All in all, this is a pretty nice tool to keep an eye on things once in a while or perhaps when someone complains things are a little slow.

iptraf is also a very nice and easy-to-use tool, with a very neat curses GUI. It actually has a lot more features than iptraf—the IP interface monitor shows you TCP and UDP separately, and for TCP it shows you packet flags (making it easy to identify connection attempts that are not succeeding, for instance). Overall statistics for each interface are also available in a separate screen, and on the whole it’s almost a real GUI (using curses), with menus and sub-menus, etc. It also has a very slick filter specification GUI, if you’re not the command line type.

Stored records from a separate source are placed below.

Section Weights.
Variables (R : realDomainType) (I : finType) (w : I -> R).
Hypotheses (w_ge0 : forall i, 0 <= w i) (w_sum1 : \sum_i w i = 1).

Lemma exists_weight_gt0 : exists i, 0 < w i.
Proof.
apply/not_existsP => none; have : \sum_i w i <= 0.
  by apply: sumr_le0 => i _; rewrite leNgt; apply/negP; exact: none.
by rewrite w_sum1 ler10.
Qed.

Lemma weighted_sum_const (a : I -> R) k :
  (forall i, 0 < w i -> a i = k) -> \sum_i w i * a i = k.
Proof.
move=> a_k; rewrite (eq_bigr (fun i => w i * k)) => [|i _].
  by rewrite -big_distrl /= w_sum1 mul1r.
have [/a_k -> //|wi0] := ltP 0 (w i).
by rewrite (@le_anti _ _ (w i) 0) ?wi0 ?w_ge0 // !mul0r.
Qed.

Lemma weighted_sum_ge0_eq0 (a : I -> R) : (forall i, 0 <= a i) ->
  \sum_i w i * a i = 0 -> forall i, 0 < w i -> a i = 0.
Proof.
move=> a_ge0 /psumr_eq0P wa0 i wi0.
have /eqP := wa0 (fun i _ => mulr_ge0 (w_ge0 i) (a_ge0 i)) i isT.
by rewrite mulf_eq0 gt_eqF //= => /eqP.
Qed.

End Weights.

Lemma sumr_cross (R : comPzRingType) (I : finType) (u v a b : I -> R) :
  \sum_i (u i - v i) * (a i - b i) =
  (\sum_i u i * a i - \sum_i v i * a i) - (\sum_i u i * b i - \sum_i v i * b i).
Proof. by rewrite -!sumrB; apply: eq_bigr => i _; ring. Qed.

Lemma sumr_indicator (R : pzSemiRingType) (I : finType) (Q : pred I) (j : I) :
  \sum_(i | Q i) (i == j)%:R = (Q j)%:R :> R.
Proof.
rewrite big_mkcond (bigD1 j) //= big1 => [|i /negPf ->]; last by case: (Q i).
by rewrite eqxx addr0; case: (Q j).
Qed.

Section SingleCost.
Variables (V E : finType) (src dst : E -> V) (vo vd : V) (R : realType).
Local Notation P := (path_t src dst vo vd).
Implicit Types (f g h : {ffun P -> R}) (c : E -> R -> R).

Definition wardrop c f :=
  feasible f /\ forall p, 0 < f p -> forall r, path_cost c f p <= path_cost c f r.

Lemma uniq_path_edges (p : P) : uniq (ssval p).
Proof.
have := ssvalP p; rewrite mem_filter => /andP[_].
rewrite mem_undup => /flattenP[s /mapP[A _ ->]].
by rewrite mem_permutations => /perm_uniq ->; exact: enum_uniq.
Qed.

Lemma path_costE c f p :
  path_cost c f p = \sum_e (e \in ssval p)%:R * c e (edge_flow f e).
Proof.
rewrite /path_cost big_uniq ?uniq_path_edges //= big_mkcond /=.
by apply: eq_bigr => e _; case: (e \in ssval p); rewrite ?mul1r ?mul0r.
Qed.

Despite all this, however, I find myself using iftop for day to day use, because iptraf lacks the aggregation, multiple averages, quick and easy filtering, etc, that iftop does. Plus, most of the filters I want are much easier to type into iftop or at the command line.

Some last words

I don’t use these tools every day, but when I needed them, they were really useful. Could I have gotten by without knowing them? Maybe… but that’s not how we think, is it? A workman needs as many tools as he can get his hands on, and these are some of mine.

Among these, iftop remains the one I use more often than the others. It’s actually closer to monitoring than troubleshooting, but they’re all great tools, and exploring them gives you an understanding of what’s happening under the hood as your machine goes about its daily business.